_EXERCISE AIM:_ Count up the lines below containing the word "Definition", and give the result with no other words.

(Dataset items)
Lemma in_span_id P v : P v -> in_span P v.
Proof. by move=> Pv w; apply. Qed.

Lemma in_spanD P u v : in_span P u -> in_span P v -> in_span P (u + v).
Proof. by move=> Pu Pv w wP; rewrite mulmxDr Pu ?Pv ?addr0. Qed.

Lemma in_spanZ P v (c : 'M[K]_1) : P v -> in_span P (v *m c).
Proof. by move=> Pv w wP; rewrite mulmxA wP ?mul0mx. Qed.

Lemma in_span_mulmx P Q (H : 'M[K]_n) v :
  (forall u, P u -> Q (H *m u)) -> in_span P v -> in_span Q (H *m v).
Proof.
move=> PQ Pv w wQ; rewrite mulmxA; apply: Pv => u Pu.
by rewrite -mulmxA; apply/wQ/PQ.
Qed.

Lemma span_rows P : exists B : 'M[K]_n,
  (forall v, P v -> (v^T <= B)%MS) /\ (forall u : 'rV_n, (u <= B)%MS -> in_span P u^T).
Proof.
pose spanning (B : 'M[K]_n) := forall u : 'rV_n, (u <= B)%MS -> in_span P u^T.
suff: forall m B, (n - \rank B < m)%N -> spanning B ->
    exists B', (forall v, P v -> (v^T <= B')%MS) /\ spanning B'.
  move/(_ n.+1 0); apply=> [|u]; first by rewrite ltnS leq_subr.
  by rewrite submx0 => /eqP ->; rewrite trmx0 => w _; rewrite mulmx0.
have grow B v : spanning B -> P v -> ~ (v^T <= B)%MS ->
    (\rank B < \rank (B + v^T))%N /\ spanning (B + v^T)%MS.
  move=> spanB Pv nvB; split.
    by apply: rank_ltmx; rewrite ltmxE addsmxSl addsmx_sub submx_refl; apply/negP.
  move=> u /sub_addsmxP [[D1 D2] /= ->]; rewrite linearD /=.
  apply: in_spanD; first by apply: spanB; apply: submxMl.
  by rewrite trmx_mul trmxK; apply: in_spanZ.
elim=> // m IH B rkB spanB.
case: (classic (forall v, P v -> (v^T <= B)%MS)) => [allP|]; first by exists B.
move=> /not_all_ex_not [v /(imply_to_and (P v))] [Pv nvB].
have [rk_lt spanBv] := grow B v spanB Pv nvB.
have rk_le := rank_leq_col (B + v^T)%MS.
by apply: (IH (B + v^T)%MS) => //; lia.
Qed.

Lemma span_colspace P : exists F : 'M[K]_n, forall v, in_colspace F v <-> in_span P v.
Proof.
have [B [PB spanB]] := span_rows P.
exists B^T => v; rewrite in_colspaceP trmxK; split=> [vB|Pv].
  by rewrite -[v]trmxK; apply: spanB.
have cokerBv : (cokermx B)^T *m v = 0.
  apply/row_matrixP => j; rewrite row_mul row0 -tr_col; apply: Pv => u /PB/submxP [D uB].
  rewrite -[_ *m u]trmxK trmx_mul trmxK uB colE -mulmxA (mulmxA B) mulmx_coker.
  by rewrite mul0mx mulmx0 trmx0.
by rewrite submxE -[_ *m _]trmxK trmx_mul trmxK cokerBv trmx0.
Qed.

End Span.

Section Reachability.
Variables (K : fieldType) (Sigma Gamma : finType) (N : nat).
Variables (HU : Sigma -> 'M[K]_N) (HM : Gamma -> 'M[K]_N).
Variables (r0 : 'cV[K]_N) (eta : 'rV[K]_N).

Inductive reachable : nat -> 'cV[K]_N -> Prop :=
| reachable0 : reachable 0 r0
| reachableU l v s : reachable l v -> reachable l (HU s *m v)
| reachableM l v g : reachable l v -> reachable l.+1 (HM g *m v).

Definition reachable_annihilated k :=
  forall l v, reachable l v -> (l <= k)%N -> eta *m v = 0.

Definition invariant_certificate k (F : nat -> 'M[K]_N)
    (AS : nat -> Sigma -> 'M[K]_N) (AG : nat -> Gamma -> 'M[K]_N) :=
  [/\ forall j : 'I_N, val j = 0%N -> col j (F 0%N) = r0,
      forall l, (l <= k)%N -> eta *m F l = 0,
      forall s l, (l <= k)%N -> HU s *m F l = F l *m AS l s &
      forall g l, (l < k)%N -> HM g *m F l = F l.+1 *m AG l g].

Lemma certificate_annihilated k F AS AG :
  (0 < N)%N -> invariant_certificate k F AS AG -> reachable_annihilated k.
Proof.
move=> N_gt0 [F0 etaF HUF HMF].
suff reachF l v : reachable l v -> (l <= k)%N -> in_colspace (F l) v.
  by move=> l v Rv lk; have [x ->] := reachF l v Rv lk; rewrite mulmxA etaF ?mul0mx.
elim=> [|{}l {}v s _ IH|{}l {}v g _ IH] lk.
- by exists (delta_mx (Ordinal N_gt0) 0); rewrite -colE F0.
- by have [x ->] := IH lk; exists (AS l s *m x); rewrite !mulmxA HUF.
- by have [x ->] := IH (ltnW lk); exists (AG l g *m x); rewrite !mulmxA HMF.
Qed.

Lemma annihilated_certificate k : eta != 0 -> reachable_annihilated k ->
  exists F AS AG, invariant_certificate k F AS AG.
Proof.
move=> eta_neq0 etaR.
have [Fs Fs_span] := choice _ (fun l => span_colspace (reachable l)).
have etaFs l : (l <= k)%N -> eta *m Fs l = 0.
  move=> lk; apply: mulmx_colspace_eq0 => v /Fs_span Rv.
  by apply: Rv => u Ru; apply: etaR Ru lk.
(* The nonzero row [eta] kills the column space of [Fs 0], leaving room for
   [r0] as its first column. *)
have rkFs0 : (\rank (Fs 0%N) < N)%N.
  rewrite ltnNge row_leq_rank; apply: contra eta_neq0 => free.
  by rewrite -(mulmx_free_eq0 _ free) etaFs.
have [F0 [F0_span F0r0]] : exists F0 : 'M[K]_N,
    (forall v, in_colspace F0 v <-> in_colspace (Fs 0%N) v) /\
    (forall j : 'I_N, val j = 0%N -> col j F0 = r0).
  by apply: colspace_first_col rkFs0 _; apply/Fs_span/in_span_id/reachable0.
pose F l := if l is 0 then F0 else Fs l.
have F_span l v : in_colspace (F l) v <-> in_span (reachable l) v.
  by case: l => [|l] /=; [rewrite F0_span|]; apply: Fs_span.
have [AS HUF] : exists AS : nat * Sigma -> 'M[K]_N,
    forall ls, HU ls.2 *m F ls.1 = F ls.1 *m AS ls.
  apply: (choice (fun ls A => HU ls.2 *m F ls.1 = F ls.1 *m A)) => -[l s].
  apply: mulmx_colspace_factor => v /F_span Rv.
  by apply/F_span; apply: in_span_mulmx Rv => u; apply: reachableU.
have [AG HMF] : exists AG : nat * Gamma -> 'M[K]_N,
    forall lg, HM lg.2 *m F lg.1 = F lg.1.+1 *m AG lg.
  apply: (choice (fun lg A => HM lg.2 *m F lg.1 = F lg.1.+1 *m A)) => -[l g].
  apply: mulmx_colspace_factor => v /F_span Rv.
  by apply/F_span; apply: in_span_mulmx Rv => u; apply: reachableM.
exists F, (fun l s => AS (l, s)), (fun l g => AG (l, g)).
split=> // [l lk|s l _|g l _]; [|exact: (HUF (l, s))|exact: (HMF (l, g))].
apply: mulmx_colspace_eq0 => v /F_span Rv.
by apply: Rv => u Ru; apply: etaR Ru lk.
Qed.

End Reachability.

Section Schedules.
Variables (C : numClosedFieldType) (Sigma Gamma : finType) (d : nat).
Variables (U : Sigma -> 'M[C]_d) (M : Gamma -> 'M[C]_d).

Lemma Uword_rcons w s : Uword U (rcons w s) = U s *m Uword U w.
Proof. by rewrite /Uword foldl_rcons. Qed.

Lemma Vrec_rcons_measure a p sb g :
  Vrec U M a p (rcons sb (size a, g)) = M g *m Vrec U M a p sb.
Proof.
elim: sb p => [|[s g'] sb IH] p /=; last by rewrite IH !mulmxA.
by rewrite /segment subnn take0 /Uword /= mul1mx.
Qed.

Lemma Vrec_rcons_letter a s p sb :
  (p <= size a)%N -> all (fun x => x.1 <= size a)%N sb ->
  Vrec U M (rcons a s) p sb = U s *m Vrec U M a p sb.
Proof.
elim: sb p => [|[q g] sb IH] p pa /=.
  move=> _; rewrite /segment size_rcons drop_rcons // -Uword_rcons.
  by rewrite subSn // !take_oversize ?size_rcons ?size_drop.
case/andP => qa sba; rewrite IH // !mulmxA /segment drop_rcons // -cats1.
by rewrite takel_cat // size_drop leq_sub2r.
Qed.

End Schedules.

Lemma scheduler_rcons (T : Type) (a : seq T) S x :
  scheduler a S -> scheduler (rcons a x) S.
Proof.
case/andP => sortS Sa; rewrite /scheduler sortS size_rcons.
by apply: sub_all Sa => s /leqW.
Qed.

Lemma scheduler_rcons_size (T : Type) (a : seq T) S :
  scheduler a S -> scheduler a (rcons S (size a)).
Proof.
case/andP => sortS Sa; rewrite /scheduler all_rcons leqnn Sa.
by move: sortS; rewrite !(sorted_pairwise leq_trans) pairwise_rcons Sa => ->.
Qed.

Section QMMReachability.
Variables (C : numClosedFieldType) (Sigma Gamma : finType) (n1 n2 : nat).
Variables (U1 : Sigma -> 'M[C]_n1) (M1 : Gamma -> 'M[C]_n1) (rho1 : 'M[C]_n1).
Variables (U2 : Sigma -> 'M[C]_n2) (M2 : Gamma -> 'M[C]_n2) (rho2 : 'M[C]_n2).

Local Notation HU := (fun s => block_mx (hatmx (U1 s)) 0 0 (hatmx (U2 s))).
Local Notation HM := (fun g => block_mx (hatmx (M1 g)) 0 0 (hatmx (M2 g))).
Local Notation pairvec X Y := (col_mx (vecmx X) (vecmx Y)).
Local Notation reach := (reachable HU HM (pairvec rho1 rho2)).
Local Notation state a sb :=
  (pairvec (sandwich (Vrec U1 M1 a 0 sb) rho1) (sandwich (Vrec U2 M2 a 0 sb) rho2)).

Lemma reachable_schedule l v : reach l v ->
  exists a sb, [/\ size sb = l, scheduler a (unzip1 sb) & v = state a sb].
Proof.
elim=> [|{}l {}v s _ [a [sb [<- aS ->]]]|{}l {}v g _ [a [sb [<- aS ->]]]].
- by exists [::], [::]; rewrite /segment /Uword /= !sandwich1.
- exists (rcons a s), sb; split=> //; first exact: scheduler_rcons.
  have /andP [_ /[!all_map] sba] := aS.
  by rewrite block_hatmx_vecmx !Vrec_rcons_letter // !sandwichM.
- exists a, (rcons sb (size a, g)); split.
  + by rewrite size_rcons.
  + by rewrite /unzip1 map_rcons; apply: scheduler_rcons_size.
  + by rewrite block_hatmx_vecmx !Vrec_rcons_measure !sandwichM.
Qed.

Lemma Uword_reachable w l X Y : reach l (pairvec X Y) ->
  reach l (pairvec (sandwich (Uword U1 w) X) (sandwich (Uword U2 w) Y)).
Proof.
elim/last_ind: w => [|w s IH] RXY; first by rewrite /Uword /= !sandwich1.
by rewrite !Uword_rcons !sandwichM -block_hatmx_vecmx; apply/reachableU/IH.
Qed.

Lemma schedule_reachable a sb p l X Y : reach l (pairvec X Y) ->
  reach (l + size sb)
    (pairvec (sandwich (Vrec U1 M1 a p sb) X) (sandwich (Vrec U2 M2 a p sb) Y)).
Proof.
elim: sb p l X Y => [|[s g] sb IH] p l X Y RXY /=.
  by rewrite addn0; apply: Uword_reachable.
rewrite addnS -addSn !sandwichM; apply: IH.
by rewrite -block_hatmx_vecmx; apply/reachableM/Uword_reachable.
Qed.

_EXERCISE OUTPUT:_ 2